Buffalo was the seventh ship ordered by the American Shipping Company under Title XI of the United States' Merchant Marine Act of 1970. The program allowed U.S. shipping companies to construct new vessels or to modernize their existing fleet with government-guaranteed financing and tax deferred benefits. The vessel's keel was laid down by the Bay Shipbuilding Company at their yard in Sturgeon Bay, Wisconsin on 12 May 1977 with the yard number 721. The lake freighter was launched on 16 March 1978 and completed on 23 September 1978. The vessel was named for Buffalo, New York, the site of the American Shipping Company's headquarters.

Entering service in 1978 and registered in Wilmington, Delaware, Buffalo was used to transport bulk cargoes, such as iron ore pellets, coal, limestone and gypsum throughout the Great Lakes and St. Lawrence Seaway. In 1983, ownership of the lake freighter was transferred to the Lawrence Steamship Company, which kept the ship's registration in Wilmington. In 1989, the Connecticut Bank and Trust took over ownership of the vessel.

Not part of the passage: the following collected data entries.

(* Let $K\subseteq\mathbb{R}^d$ be a convex body with $\mathrm{width}(K)>0$. Then $\lambda_d(K-K)\le\frac{\mathrm{Flt}(d)}{\mathrm{width}(K)}$.
   Context: A convex body is a non-empty compact convex subset of $\mathbb{R}^d$; $\mathrm{width}(K)=\min_{u\in(\mathbb{Z}^d)^*\setminus\{0\}}\max_{x,y\in K}|u(x)-u(y)|$; $\mathrm{Flt}(d)=\sup\{\mathrm{width}(K): K\text{ convex body}, K\cap\mathbb{Z}^d=\emptyset\}$. The difference body is $K-K=\{x-y:x,y\in K\}$, and its $d$-th successive minimum is $\lambda_d(K-K)=\inf\{\lambda>0:\dim\mathrm{span}(\lambda(K-K)\cap\mathbb{Z}^d)=d\}$. *)

From mathcomp Require Import ssreflect ssrfun ssrbool eqtype ssrnat fintype bigop.
From Stdlib Require Import Reals ZArith.

Set Implicit Arguments.
Unset Strict Implicit.

Local Open Scope R_scope.

Definition Rd (d : nat) := 'I_d -> R.

Definition dotR (d : nat) (u x : Rd d) : R := \big[Rplus/0]_(i < d) (u i * x i).

Definition is_lattice_point (d : nat) (x : Rd d) : Prop :=
  forall i : 'I_d, exists z : Z, x i = IZR z.

Definition IZRv (d : nat) (u : 'I_d -> Z) : Rd d := fun i => IZR (u i).

Definition convex (d : nat) (K : Rd d -> Prop) : Prop :=
  forall x y t, K x -> K y -> 0 <= t <= 1 -> K (fun i => t * x i + (1 - t) * y i).

Definition closed_set (d : nat) (K : Rd d -> Prop) : Prop :=
  forall x : Rd d,
    (forall eps, 0 < eps -> exists y, K y /\ forall i, Rabs (x i - y i) < eps) -> K x.

Definition bounded_set (d : nat) (K : Rd d -> Prop) : Prop :=
  exists M, forall x, K x -> forall i, Rabs (x i) <= M.

Definition convex_body (d : nat) (K : Rd d -> Prop) : Prop :=
  (exists x, K x) /\ convex K /\ closed_set K /\ bounded_set K.

Definition lattice_free (d : nat) (K : Rd d -> Prop) : Prop :=
  forall x, K x -> ~ is_lattice_point x.

Definition is_glb (E : R -> Prop) (m : R) : Prop :=
  (forall t, E t -> m <= t) /\ (forall m', (forall t, E t -> m' <= t) -> m' <= m).

(* w = max_{x,y in K} |u(x) - u(y)|  (the max exists by compactness, so it equals the sup) *)
Definition is_dir_width (d : nat) (K : Rd d -> Prop) (u : 'I_d -> Z) (w : R) : Prop :=
  is_lub (fun r => exists x y, K x /\ K y /\ r = Rabs (dotR (IZRv u) x - dotR (IZRv u) y)) w.

Definition nonzero_int_vec (d : nat) (u : 'I_d -> Z) : Prop :=
  exists i, u i <> 0%Z.

Definition is_width (d : nat) (K : Rd d -> Prop) (w : R) : Prop :=
  (exists u, nonzero_int_vec u /\ is_dir_width K u w) /\
  (forall u v, nonzero_int_vec u -> is_dir_width K u v -> w <= v).

Definition is_Flt (d : nat) (F : R) : Prop :=
  is_lub (fun r => exists K : Rd d -> Prop,
            convex_body K /\ lattice_free K /\ is_width K r) F.

Definition in_scaled_diff (d : nat) (t : R) (K : Rd d -> Prop) (z : Rd d) : Prop :=
  exists x y, K x /\ K y /\ forall i, z i = t * (x i - y i).

Definition lin_indep (d : nat) (v : 'I_d -> Rd d) : Prop :=
  forall c : 'I_d -> R,
    (forall j : 'I_d, \big[Rplus/0]_(i < d) (c i * v i j) = 0) -> forall i, c i = 0.

Definition full_lattice_span (d : nat) (t : R) (K : Rd d -> Prop) : Prop :=
  exists v : 'I_d -> Rd d,
    (forall i, in_scaled_diff t K (v i) /\ is_lattice_point (v i)) /\ lin_indep v.

Definition is_lambda_d (d : nat) (K : Rd d -> Prop) (l : R) : Prop :=
  is_glb (fun t => 0 < t /\ full_lattice_span t K) l.

(* Suppose lambda_d(K - K) > Flt(d) / width(K) and pick t < t' strictly between them.
   Since width(c + tK) = t width(K) > Flt(d), every translate c + tK meets Z^d.
   Since t'(K - K) spans no full-rank lattice, some u <> 0 vanishes on its lattice points.
   For x, y in K choose lattice points p_n in n (t' - t)(x - y) + tK: by convexity
   p_(n+1) - p_n lies in (t' - t)(K - K) + t(K - K) = t'(K - K), so u(p_n) is constant,
   while u(p_n) = n (t' - t) u(x - y) + O(1); hence u is constant on K.  But then u takes
   every real value on lattice points of the translates c + tK, although Z^d is countable. *)

From Pilot Require Import Defs.
From Stdlib Require Import Reals ZArith Lra Classical ClassicalEpsilon FunctionalExtensionality.
From mathcomp Require Import all_boot all_order all_algebra.
From mathcomp Require Import Rstruct ssrZ.
Import Order.TTheory GRing.Theory Num.Theory.
Set Implicit Arguments.
Unset Strict Implicit.
Unset Printing Implicit Defensive.

Local Open Scope R_scope.

Lemma dotR_lin d (u x y : Rd d) (a b : R) :
  dotR u (fun i => a * x i + b * y i) = a * dotR u x + b * dotR u y.
Proof.
rewrite /dotR; change (\sum_(i < d) (u i * (a * x i + b * y i)) =
  a * \sum_(i < d) (u i * x i) + b * \sum_(i < d) (u i * y i))%R.
rewrite !GRing.mulr_sumr -big_split; apply: eq_bigr => i _ /=.
rewrite -!RmultE -!RplusE; ring.
Qed.

Lemma dotR_ext d (u x y : Rd d) : (forall i, x i = y i) -> dotR u x = dotR u y.
Proof. by move=> xy; apply: eq_bigr => i _; rewrite xy. Qed.

Lemma dotR_affine d (u c y z : Rd d) (t : R) :
  (forall i, z i = c i + t * y i) -> dotR u z = dotR u c + t * dotR u y.
Proof.
move=> zE; rewrite (@dotR_ext d u z (fun i => 1 * c i + t * y i)) ?dotR_lin => [|i].
  by ring.
by rewrite zE; ring.
Qed.

Lemma dotR_sub d (u x y : Rd d) : dotR u (fun i => x i - y i) = dotR u x - dotR u y.
Proof. by rewrite (@dotR_affine d u x y _ (-1)) => [|i]; ring. Qed.

Lemma dotR_delta d (u : Rd d) (j : 'I_d) (s : R) :
  dotR u (fun i => if i == j then s else 0) = u j * s.
Proof.
rewrite /dotR (bigD1 j) //= eqxx big1 => [|i /negbTE ->]; last by rewrite Rmult_0_r.
by rewrite Rplus_0_r.
Qed.

Lemma dotR_scale d (u x : Rd d) (a : R) : dotR u (fun i => a * x i) = a * dotR u x.
Proof.
rewrite (@dotR_ext d u _ (fun i => a * x i + 0 * x i)) ?dotR_lin => [|i]; ring.
Qed.

Lemma dotR_bounded d (u : Rd d) (K : Rd d -> Prop) :
  bounded_set K -> exists B, forall y, K y -> Rabs (dotR u y) <= B.
Proof.
case=> M KM; exists (\sum_(i < d) `|u i| * M)%R => y Ky; apply/RleP.
rewrite -[Rabs _]/(`|dotR u y|%R).
apply: le_trans (ler_norm_sum _ _ _) _; apply: ler_sum => i _.
by rewrite normrM ler_wpM2l //; apply/RleP; exact: KM.
Qed.

Lemma coord_bounded d (c : Rd d) : exists M, forall i, Rabs (c i) <= M.
Proof.
exists (\sum_(i < d) `|c i|)%R => i; apply/RleP.
by rewrite -[Rabs _]/(`|c i|%R) (bigD1 i) //= lerDl sumr_ge0.
Qed.

Section LinearAlgebra.
Local Open Scope ring_scope.

Lemma row_free_col_mx_row m n (M : 'M[R]_(m, n)) (v : 'rV_n) :
  row_free M -> ~~ (v <= M)%MS -> row_free (col_mx v M).
Proof.
move=> freeM vNM; have sMMv : (M <= col_mx v M)%MS by rewrite -addsmxE addsmxSr.
have := ltn_leqif (mxrank_leqif_sup sMMv).
rewrite col_mx_sub submx_refl andbT (negbTE vNM) => ltM.
rewrite /row_free eqn_leq rank_leq_row /=; apply: leq_trans ltM.
by rewrite (eqP freeM) add1n.
Qed.

Lemma exists_kernel_vector r n (M : 'M[R]_(r, n)) :
  (r < n)%N -> exists u : 'rV_n, u != 0 /\ M *m u^T = 0.
Proof.
move=> ltrn; have : kermx M^T != 0.
  rewrite kermx_eq0 -row_leq_rank -ltnNge.
  by apply: leq_ltn_trans ltrn; rewrite mxrank_tr rank_leq_row.
case/rowV0Pn => u /submxP [D ->] Dnz; exists (D *m kermx M^T); split => //.
by rewrite -[M *m _]trmxK trmx_mul trmxK -mulmxA mulmx_ker mulmx0 trmx0.
Qed.

Lemma row_free_lin_indep d (M : 'M[R]_d) : row_free M -> lin_indep (fun i j => M i j).
Proof.
move=> freeM c Hc i.
have : (\row_k c k) *m M = 0.
  by apply/rowP => j; rewrite !mxE -[RHS](Hc j); apply: eq_bigr => k _; rewrite mxE.
by move/eqP; rewrite mulmx_free_eq0 // => /eqP/rowP/(_ i); rewrite !mxE.
Qed.

Lemma dotR_mx d (u s : Rd d) : dotR u s = ((\row_j s j) *m (\row_j u j)^T) 0 0.
Proof. by rewrite !mxE; apply: eq_bigr => i _; rewrite !mxE mulrC. Qed.

Lemma row_free_or_annihilator d (S : Rd d -> Prop) r : (r <= d)%N ->
  (exists M : 'M[R]_(r, d), (forall i, S (fun j => M i j)) /\ row_free M) \/
  (exists u : Rd d, (exists j, u j <> 0) /\ forall s, S s -> dotR u s = 0).
Proof.
elim: r => [|r IH] ltrd.
  by left; exists 0; split; [case | rewrite /row_free mxrank0].
case: (IH (ltnW ltrd)) => [[M [SM freeM]]|]; last by right.
case: (classic (exists s, S s /\ ~~ ((\row_j s j) <= M)%MS)) => [[s [Ss sNM]]|inM].
  left; exists (col_mx (\row_j s j) M); split; last exact: row_free_col_mx_row.
  (* the block lemmas need the row index type 'I_(1 + r), not 'I_r.+1 *)
  move=> i; pose A : 'M_(1 + r, d) := col_mx (\row_j s j) M; change (S (A i)).
  rewrite -(splitK (i : 'I_(1 + r))); case: (split _) => k.
    by apply: (eq_ind _ _ Ss); apply: functional_extensionality => j; rewrite col_mxEu mxE.
  by apply: (eq_ind _ _ (SM k)); apply: functional_extensionality => j; rewrite col_mxEd.
right; have [u [unz Mu]] := exists_kernel_vector M ltrd.
have [j uj] : exists j, u 0 j != 0.
  apply: NNPP => Hn; move/negP: unz; apply; apply/eqP/rowP => j; rewrite mxE.
  by apply/eqP/negPn/negP => uj; apply: Hn; exists j.
exists (fun j => u 0 j); split; first by exists j; apply/eqP.
move=> s Ss; rewrite dotR_mx; have /submxP [D ->] : ((\row_j s j) <= M)%MS.
  by apply/negPn/negP => sNM; apply: inM; exists s.
rewrite (_ : \row_j u 0 j = u); last by apply/rowP => k; rewrite mxE.
by rewrite -mulmxA Mu mulmx0 mxE.
Qed.

Lemma exists_annihilator d (S : Rd d -> Prop) :
  ~ (exists v : 'I_d -> Rd d, (forall i, S (v i)) /\ lin_indep v) ->
  exists u : Rd d, (exists j, u j <> 0) /\ forall s, S s -> dotR u s = 0.
Proof.
move=> noBasis; case: (row_free_or_annihilator S (leqnn d)) => // [[M [SM freeM]]].
by case: noBasis; exists (fun i j => M i j); split => //; exact: row_free_lin_indep.
Qed.
End LinearAlgebra.

Lemma is_lub_scale (E E' : R -> Prop) (t v : R) : 0 < t ->
  (forall r, E' r <-> exists r0, E r0 /\ r = t * r0) ->
  is_lub E v <-> is_lub E' (t * v).
Proof.
move=> t_gt0 E'E; split=> [[ubv lubv] | [ubtv lubtv]]; split.
- move=> r /E'E [r0 [Er0 ->]]; apply: Rmult_le_compat_l; [lra | exact: ubv].
- move=> b ubb; have tbE : t * (b / t) = b by field; lra.
  rewrite -tbE; apply: Rmult_le_compat_l; first lra.
  apply: lubv => r0 Er0; apply: (Rmult_le_reg_l t) => //; rewrite tbE.
  by apply: ubb; apply/E'E; exists r0.
- move=> r0 Er0; apply: (Rmult_le_reg_l t) => //; apply: ubtv; apply/E'E; by exists r0.
- move=> b ubb; apply: (Rmult_le_reg_l t) => //; apply: lubtv => r /E'E [r0 [Er0 ->]].
  apply: Rmult_le_compat_l; [lra | exact: ubb].
Qed.

Definition homothety d (c : Rd d) (t : R) (K : Rd d -> Prop) : Rd d -> Prop :=
  fun z => exists y, K y /\ forall i, z i = c i + t * y i.

(* [Defs.] disambiguates from [Rtopology.closed_set], exported by [Reals]. *)
Lemma closed_set_homothety d (K : Rd d -> Prop) (c : Rd d) (t : R) :
  0 < t -> Defs.closed_set K -> Defs.closed_set (homothety c t K).
Proof.
move=> t_gt0 Kcl z zcl; exists (fun i => (z i - c i) / t); split=> [|i]; last by field; lra.
apply: Kcl => eps eps_gt0.
have [w [[y [Ky yE]] zw]] : exists w, homothety c t K w /\ forall i, Rabs (z i - w i) < eps * t.
  by apply: zcl; nra.
exists y; split=> // i; apply: (Rmult_lt_reg_r t) => //.
have -> : ((z i - c i) / t - y i) = (z i - (c i + t * y i)) / t by field; lra.
have := zw i; rewrite -yE /Rdiv Rabs_mult Rabs_inv (Rabs_pos_eq t (Rlt_le _ _ t_gt0)).
by rewrite Rmult_assoc Rinv_l ?Rmult_1_r //; exact: Rgt_not_eq.
Qed.

Lemma convex_body_homothety d (K : Rd d -> Prop) (c : Rd d) (t : R) :
  0 < t -> convex_body K -> convex_body (homothety c t K).
Proof.
move=> t_gt0 [[x0 Kx0] [Kconv [Kcl [M KM]]]]; split; [|split; [|split]].
- by exists (fun i => c i + t * x0 i), x0.
- move=> x y s [x1 [Kx1 xE]] [y1 [Ky1 yE]] s01.
  exists (fun i => s * x1 i + (1 - s) * y1 i); split=> [|i]; first exact: Kconv.
  by rewrite xE yE; ring.
- exact: closed_set_homothety.
- have [Mc cMc] := coord_bounded c; exists (Mc + t * M) => z [y [Ky zE]] i; rewrite zE.
  apply: Rle_trans (Rabs_triang _ _) _; rewrite Rabs_mult (Rabs_pos_eq t); last by lra.
  by have := cMc i; have := KM y Ky i; nra.
Qed.

Lemma is_dir_width_homothety d (K : Rd d -> Prop) (c : Rd d) (t : R) u v : 0 < t ->
  is_dir_width K u v <-> is_dir_width (homothety c t K) u (t * v).
Proof.
move=> t_gt0; apply: is_lub_scale => // r.
have diffE x y x0 y0 : (forall i, x i = c i + t * x0 i) -> (forall i, y i = c i + t * y0 i) ->
    Rabs (dotR (IZRv u) x - dotR (IZRv u) y) =
    t * Rabs (dotR (IZRv u) x0 - dotR (IZRv u) y0).
  move=> xE yE; rewrite (dotR_affine _ xE) (dotR_affine _ yE).
  set C := dotR _ c; set X := dotR _ x0; set Y := dotR _ y0.
  rewrite (_ : C + t * X - (C + t * Y) = t * (X - Y)); last by ring.
  by rewrite Rabs_mult (Rabs_pos_eq t) //; lra.
split=> [[x [y [[x0 [Kx0 xE]] [[y0 [Ky0 yE]] ->]]]] | [r0 [[x0 [y0 [Kx0 [Ky0 ->]]]] ->]]].
  exists (Rabs (dotR (IZRv u) x0 - dotR (IZRv u) y0)).
  by split; [exists x0, y0 | exact: diffE].
exists (fun i => c i + t * x0 i), (fun i => c i + t * y0 i).
split; first by exists x0; split.
split; first by exists y0; split.
by symmetry; apply: diffE.
Qed.

Lemma is_width_homothety d (K : Rd d -> Prop) (c : Rd d) (t w : R) :
  0 < t -> is_width K w -> is_width (homothety c t K) (t * w).
Proof.
move=> t_gt0 [[u [u_nz Kuw]] wmin]; split.
  by exists u; split=> //; apply/(is_dir_width_homothety K c u w t_gt0).
move=> u' v u'_nz; have -> : v = t * (v / t) by field; lra.
move/(is_dir_width_homothety K c u' (v / t) t_gt0) /(wmin _ _ u'_nz).
by apply: Rmult_le_compat_l; lra.
Qed.

Lemma is_dir_width_ge0 d (K : Rd d -> Prop) u w :
  (exists x, K x) -> is_dir_width K u w -> 0 <= w.
Proof.
move=> [x Kx] [ubw _]; apply: ubw; exists x, x; do 2!split=> //.
by rewrite Rminus_diag Rabs_R0.
Qed.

On 16 September 1990, Buffalo was passing the smaller tanker in the harbor of Bay City, Michigan. Jupiter was alongside pumping its remaining cargo of 20000 oilbbl of unrefined, unleaded gasoline into tanks ashore when Buffalos wake caused Jupiter to rock uncontrollably and lose connection to the pier. The transfer hoses from the ship to shore became untethered and resulting in an explosion and burning fuel to spill into the water. Eleven crew members of Jupiter were injured and a twelfth missing and presumed dead.

In 1997, ownership of Buffalo returned to the Lawrence Steamship Company. In late 1997 Buffalo struck the Detroit River Light, a lighthouse located in Lake Erie that marks the entrance into the Detroit River. A 25 ft gash was torn across the bow. Buffalo began taking on water, but managed to proceed to the CSX coal dock in Toledo, Ohio. The lighthouse suffered minimal damage. Buffalo was sent for repairs at the Toledo shipyard. Damage to the bow was significant and in the subsequent United States Coast Guard investigation, human error by the ship's crew was given as the cause of the incident.

In late 2017 the ship was purchased by Algoma Central Corporation. The ship re-entered service in 2018 and the freighter was renamed Algoma Buffalo and re-registered to St. Catharines, Ontario. In Algoma service, the vessel is used to transport construction materials and road salt. In 2020, the vessel underwent repairs while laid up for the winter in Owen Sound, Ontario's harbour.